HIV Criminalization: Masking Fear and Discrimination explains that “non-disclosure” statutes are being used as a weapon of homophobia and racism and serve no public safety function. It features Ken Pinkela, a gay military man who was prosecuted and eventually relieved from duty because he was accused of not disclosing his status to an alleged sexual partner.

Pinkela denies the charges, and although the accuser eventually recanted his story, Pinkela’s dismissal remained.

In other cases, people with HIV who had no viral load and used protection with their partners were prosecuted for not disclosing their status, with prosecutors (and juries) often relying upon the word of the accuser. This is a sobering, considering we now know that people who are undetectable pose no threat of infection to others.

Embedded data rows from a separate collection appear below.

(* Let $\alpha,\gamma,\mu,\delta,\rho>0$, $\beta=\alpha+\gamma$, and consider \[ \dot P=P\big[(\beta-\mu)-2\beta P+(\delta-\beta)A\big],\qquad \dot A=-(2\delta P+\rho)A \] on $\mathcal F=\{(P,A): P\ge0,\ A\ge0,\ 2P+A\le1\}$. (i) If $\beta\le\mu$, then $E_0=(0,0)$ is globally asymptotically stable on $\mathcal F$: $P(t)\to0$ and $A(t)\to0$ for all initial conditions in $\mathcal F$. (ii) If $\beta>\mu$, then the edge $\{P=0\}$ is forward invariant; every initial condition with $P_0=0$ gives $P(t)\equiv0$, $A(t)\to0$, so the trajectory converges to $E_0$; every initial condition in $\mathcal F$ with $P_0>0$ converges to $E_1=\big(\tfrac12(1-\mu/\beta),0\big)$. In this regime $E_0$ is a saddle and $E_1$ is locally asymptotically stable. *)

From Stdlib Require Import Reals Lra.
From Coquelicot Require Import Coquelicot.
Open Scope R_scope.

Definition fP (beta mu delta : R) (p a : R) : R :=
  p * ((beta - mu) - 2 * beta * p + (delta - beta) * a).
Definition fA (delta rho : R) (p a : R) : R :=
  - (2 * delta * p + rho) * a.

Definition in_F (p a : R) : Prop := 0 <= p /\ 0 <= a /\ 2 * p + a <= 1.

Definition is_solution (beta mu delta rho : R) (P A : R -> R) : Prop :=
  forall t, 0 <= t ->
    is_derive P t (fP beta mu delta (P t) (A t)) /\
    is_derive A t (fA delta rho (P t) (A t)).

Definition dist2 (p a q b : R) : R := sqrt ((p - q) ^ 2 + (a - b) ^ 2).

Definition jac11 (f1 : R -> R -> R) p0 a0 := Derive (fun p => f1 p a0) p0.
Definition jac12 (f1 : R -> R -> R) p0 a0 := Derive (fun a => f1 p0 a) a0.

Definition is_eigenvalue2 (j11 j12 j21 j22 lam : R) : Prop :=
  exists v1 v2 : R, (v1 <> 0 \/ v2 <> 0) /\
    j11 * v1 + j12 * v2 = lam * v1 /\ j21 * v1 + j22 * v2 = lam * v2.

Definition is_saddle (f1 f2 : R -> R -> R) (p0 a0 : R) : Prop :=
  f1 p0 a0 = 0 /\ f2 p0 a0 = 0 /\
  exists l1 l2, 0 < l1 /\ l2 < 0 /\
    is_eigenvalue2 (jac11 f1 p0 a0) (jac12 f1 p0 a0)
                   (jac11 f2 p0 a0) (jac12 f2 p0 a0) l1 /\
    is_eigenvalue2 (jac11 f1 p0 a0) (jac12 f1 p0 a0)
                   (jac11 f2 p0 a0) (jac12 f2 p0 a0) l2.
(* $\chi_i'(S_{C_4}^1)=2$ and $\chi_i'(S_{C_4}^n)=3$ for every integer $n\ge 2$, where $C_4$ is the cycle on $4$ vertices.
   Context: For a graph $H$ with at least one edge, an injective edge $k$-coloring is a map $c:E(H)\to\{1,\dots,k\}$ such that whenever $e_1=xy$, $e_2=yz$, $e_3=zu$ are edges of $H$ with $x,y,z$ distinct and $u\notin\{y,z\}$ (the case $u=x$ being allowed), we have $c(e_1)\ne c(e_3)$. The injective chromatic index $\chi_i'(H)$ is the least $k$ for which such a coloring exists. For a graph $G$ and positive integer $n$, the generalized Sierpiński graph $S_G^n$ has vertex set $V(G)^n$, and $(u_1,\dots,u_n)$, $(v_1,\dots,v_n)$ are adjacent if and only if there is $d\in\{1,\dots,n\}$ with $u_i=v_i$ for $i<d$, $u_dv_d\in E(G)$, and $u_i=v_d$, $v_i=u_d$ for all $i>d$. *)

From mathcomp Require Import all_boot.
Set Implicit Arguments. Unset Strict Implicit. Unset Printing Implicit Defensive.

(* An edge xy is represented by the 2-element set [set x; y]; an edge
   k-colouring is a map from (edge) sets to 'I_k = {0,...,k-1}
   (only its values on edges matter). *)

Definition injective_edge_coloring (T : finType) (e : rel T) (k : nat)
  (c : {set T} -> 'I_k) : Prop :=
  forall x y z u : T, e x y -> e y z -> e z u ->
    x != y -> y != z -> x != z -> u != y -> u != z ->
    c [set x; y] != c [set z; u].

Definition inj_edge_colorable (T : finType) (e : rel T) (k : nat) : Prop :=
  exists c : {set T} -> 'I_k, injective_edge_coloring e c.

Definition inj_chromatic_index_is (T : finType) (e : rel T) (k : nat) : Prop :=
  inj_edge_colorable e k /\ (forall j, inj_edge_colorable e j -> k <= j).

Definition sierpinski (V : finType) (G : rel V) (n : nat)
  : rel {ffun 'I_n -> V} :=
  fun u v => [exists d : 'I_n,
     [&& [forall i : 'I_n, (i < d) ==> (u i == v i)],
         G (u d) (v d) &
         [forall i : 'I_n, (d < i) ==> ((u i == v d) && (v i == u d))]]].

Definition C4 : rel 'I_4 :=
  fun x y => ((x.+1 %% 4) == y) || ((y.+1 %% 4) == x).

Arguments sierpinski {V} G n.

From mathcomp Require Import all_boot.
Set Implicit Arguments. Unset Strict Implicit. Unset Printing Implicit Defensive.
Lemma is_face_refl (C : set V) : convex_set C -> is_face C C.
Proof. by split. Qed.
End Simplex.

Section Barycentric.
Variables (R : realType) (m : nat) (N : 'rV[R]_m -> R).
Variables (Cs : set (set 'rV[R]_m)) (g : 'rV[R]_m -> 'rV[R]_m -> R).
Hypothesis bary : barycentric_interp N Cs g.
Variables (C : set 'rV[R]_m) (n : nat) (p : 'I_n -> 'rV[R]_m).
Hypotheses (CsC : Cs C) (C_conv : C = conv_pts p) (indep : aff_indep p).

Lemma barycentric_interp_simplex x : relint_N N C x ->
  [/\ forall u, cover_vertices Cs u -> ~ extreme_points C u -> g u x = 0,
      \sum_(i < n | p i \in extreme_points C) g (p i) x = 1 &
      \sum_(i < n | p i \in extreme_points C) g (p i) x *: p i = x].
Proof.
move=> x_relint; have Cx := x_relint.1.
have C_face : cover_faces Cs C.
  split; first by exists x.
  by exists C => //; apply: is_face_refl; rewrite C_conv; apply: conv_pts_convex.
have [g0 _ sum_g comb_g] := bary (ex_intro2 _ _ C CsC Cx) C_face x_relint.
have W_p : extreme_points C `<=` range p by rewrite C_conv; apply: extreme_points_conv_pts.
have p_inj := aff_indep_inj indep.
split=> //; [rewrite -sum_g | rewrite [RHS]comb_g]; exact/esym/fsbig_range_ord.
Qed.

Lemma barycentric_interp_ray v x t :
    extreme_points C v -> relint_N N C x -> relint_N N C (x + t *: (v - x)) ->
  forall u, cover_vertices Cs u ->
    g u (x + t *: (v - x)) = (1 - t) * g u x + t * (u == v)%:R.
Proof.
move=> Cv x_relint b_relint u Vu; set b := x + t *: (v - x) in b_relint *.
have [gx0 sum_x comb_x] := barycentric_interp_simplex x_relint.
have [gb0 sum_b comb_b] := barycentric_interp_simplex b_relint.
have [Cu|nCu] := pselect (extreme_points C u); last first.
  have /negPf -> : u != v by apply/eqP => uv; apply: nCu; rewrite uv.
  by rewrite gx0 // gb0 // /= mulr0n !mulr0 addr0.
have W_p : extreme_points C `<=` range p by rewrite C_conv; apply: extreme_points_conv_pts.
have [iu _ pu] := W_p u Cu; have [iv _ pv] := W_p v Cv.
pose c y i := if p i \in extreme_points C then g (p i) y else 0.
have c_sum y : \sum_(i | p i \in extreme_points C) g (p i) y = \sum_i c y i.
  by rewrite big_mkcond.
have c_comb y : \sum_(i | p i \in extreme_points C) g (p i) y *: p i = \sum_i c y i *: p i.
  by rewrite big_mkcond; apply: eq_bigr => i _; rewrite /c; case: ifP; rewrite ?scale0r.
have c_eq : c b =1 (fun i => (1 - t) * c x i + t * (i == iv)%:R).
  apply: (aff_indep_coef_eq indep).
    by rewrite big_split /= -!mulr_sumr -!c_sum sum_x sum_b sum_delta !mulr1 subrK.
  under [RHS]eq_bigr do rewrite scalerDl -!scalerA.
  rewrite big_split /= -!scaler_sumr -!c_comb comb_x comb_b sum_delta_scale pv.
  by rewrite /b scalerBr scalerBl scale1r addrCA addrC.
have := c_eq iu; rewrite /c pu (mem_set Cu) => ->.
by rewrite -pu -pv (inj_eq (aff_indep_inj indep)).
Qed.
End Barycentric.

Lemma vertex_indicator_aff_hull (R : realType) m (N : 'rV[R]_m -> R)
    (Y : set 'rV[R]_m) (Cs : set (set 'rV[R]_m)) (g : 'rV[R]_m -> 'rV[R]_m -> R)
    k (e : 'I_k -> 'rV[R]_m) v :
  is_norm N -> barycentric_interp N Cs g -> (forall C, Cs C -> is_simplex C) ->
  (forall C, Cs C -> interior_N N Y `&` interior_N N C !=set0) ->
  (forall i, cover_vertices Cs (e i)) -> cover_vertices Cs v ->
  aff_hull [set \row_i g (e i) x | x in Y] (\row_i (e i == v)%:R).
Proof.
move=> normN bary simplex int_YC e_vert [C CsC Cv].
have [p [indep C_conv]] := simplex C CsC.
have [x [Yx Cx]] := int_YC C CsC.
have [t t0 b_int] := interior_N_ray normN v (interior_NI (conj Yx Cx)).
have ray := barycentric_interp_ray bary CsC C_conv indep Cv (interior_N_relint normN Cx)
  (interior_N_relint normN (le_interior_N (@subIsetr _ Y C) b_int)).
have -> : \row_i (e i == v)%:R =
    t^-1 *: \row_i g (e i) (x + t *: (v - x)) + (1 - t^-1) *: \row_i g (e i) x.
  by apply/rowP => i; rewrite !mxE ray //; field; rewrite lt0r_neq0.
apply: aff_hull_segment; [exists (x + t *: (v - x)) | exists x] => //.
  exact: (interior_N_subset normN b_int).1.
exact: (interior_N_subset normN Yx).
Qed.

Theorem proposition3p11 (R : realType) (m : nat) (N : 'rV[R]_m -> R)
  (Y : set 'rV[R]_m) (Cs : set (set 'rV[R]_m)) (g : 'rV[R]_m -> 'rV[R]_m -> R)
  (v0 : 'rV[R]_m) (k : nat) (e : 'I_k -> 'rV[R]_m) :
  is_norm N -> bounded_set N Y -> simplicial_cover Y Cs ->
  barycentric_interp N Cs g ->
  cover_vertices Cs v0 ->
  (forall i, cover_vertices Cs (e i) /\ e i <> v0) ->
  injective e ->
  (forall v, cover_vertices Cs v -> v <> v0 -> exists i, e i = v) ->
  (forall C, Cs C -> interior_N N Y `&` interior_N N C !=set0) ->
  exists xs : 'I_k.+1 -> 'rV[R]_m,
    (forall j, Y (xs j)) /\
    aff_indep (fun j => \row_(i < k) g (e i) (xs j)).
Proof.
move=> normN _ [_ simplex _ _] bary Vv0 e_vert e_inj _ int_YC.
have hull_delta :=
  vertex_indicator_aff_hull normN bary simplex int_YC (fun i => (e_vert i).1).
have hull0 : aff_hull [set \row_i g (e i) x | x in Y] 0.
  rewrite (_ : 0 = \row_i (e i == v0)%:R); first exact: hull_delta Vv0.
  apply/rowP => i; rewrite !mxE; case: eqP => // ei_v0.
  by have [_ /(_ ei_v0)] := e_vert i.
have hullD i : aff_hull [set \row_i g (e i) x | x in Y] (delta_mx 0 i).
  rewrite (_ : delta_mx 0 i = \row_j (e j == e i)%:R); first exact: hull_delta (e_vert i).1.
  by apply/rowP => j; rewrite !mxE (inj_eq e_inj).
have [ys [Y_ys indep]] := aff_hull_aff_basis hull0 hullD.
have /choice[xs xsP] j : exists x, Y x /\ \row_i g (e i) x = ys j.
  by have [x] := Y_ys j; exists x.
exists xs; split=> [j|]; first exact: (xsP j).1.
by rewrite (_ : (fun j => _) = ys) //; apply/funext => j; rewrite (xsP j).2.
Qed.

Many of those who have been prosecuted have been given jail sentences spanning into decades, whether or not anyone was actually infected.

“HIV criminalization may be the defining moral issue of our time as HIV activists,” said SERO Project founder Sean Strub. “State statutes throughout the country that persecute people based solely on a viral status poses a serious threat to both public health and individual civil liberties. Masking Fear and Discrimination serves as an excellent primer on the topic of HIV criminalization, particularly for those who are new to this growing concern. For advocates and health professionals in the field, it is essential viewing.”

The documentary was directed by filmmaker Christopher King and produced by Queerty contributor Mark S. King.

Sero is a network of people with HIV and allies fighting for freedom from stigma and injustice. Sero is particularly focused on ending inappropriate criminal prosecutions of people with HIV, including for non-disclosure of their HIV status, potential or perceived HIV exposure or HIV transmission.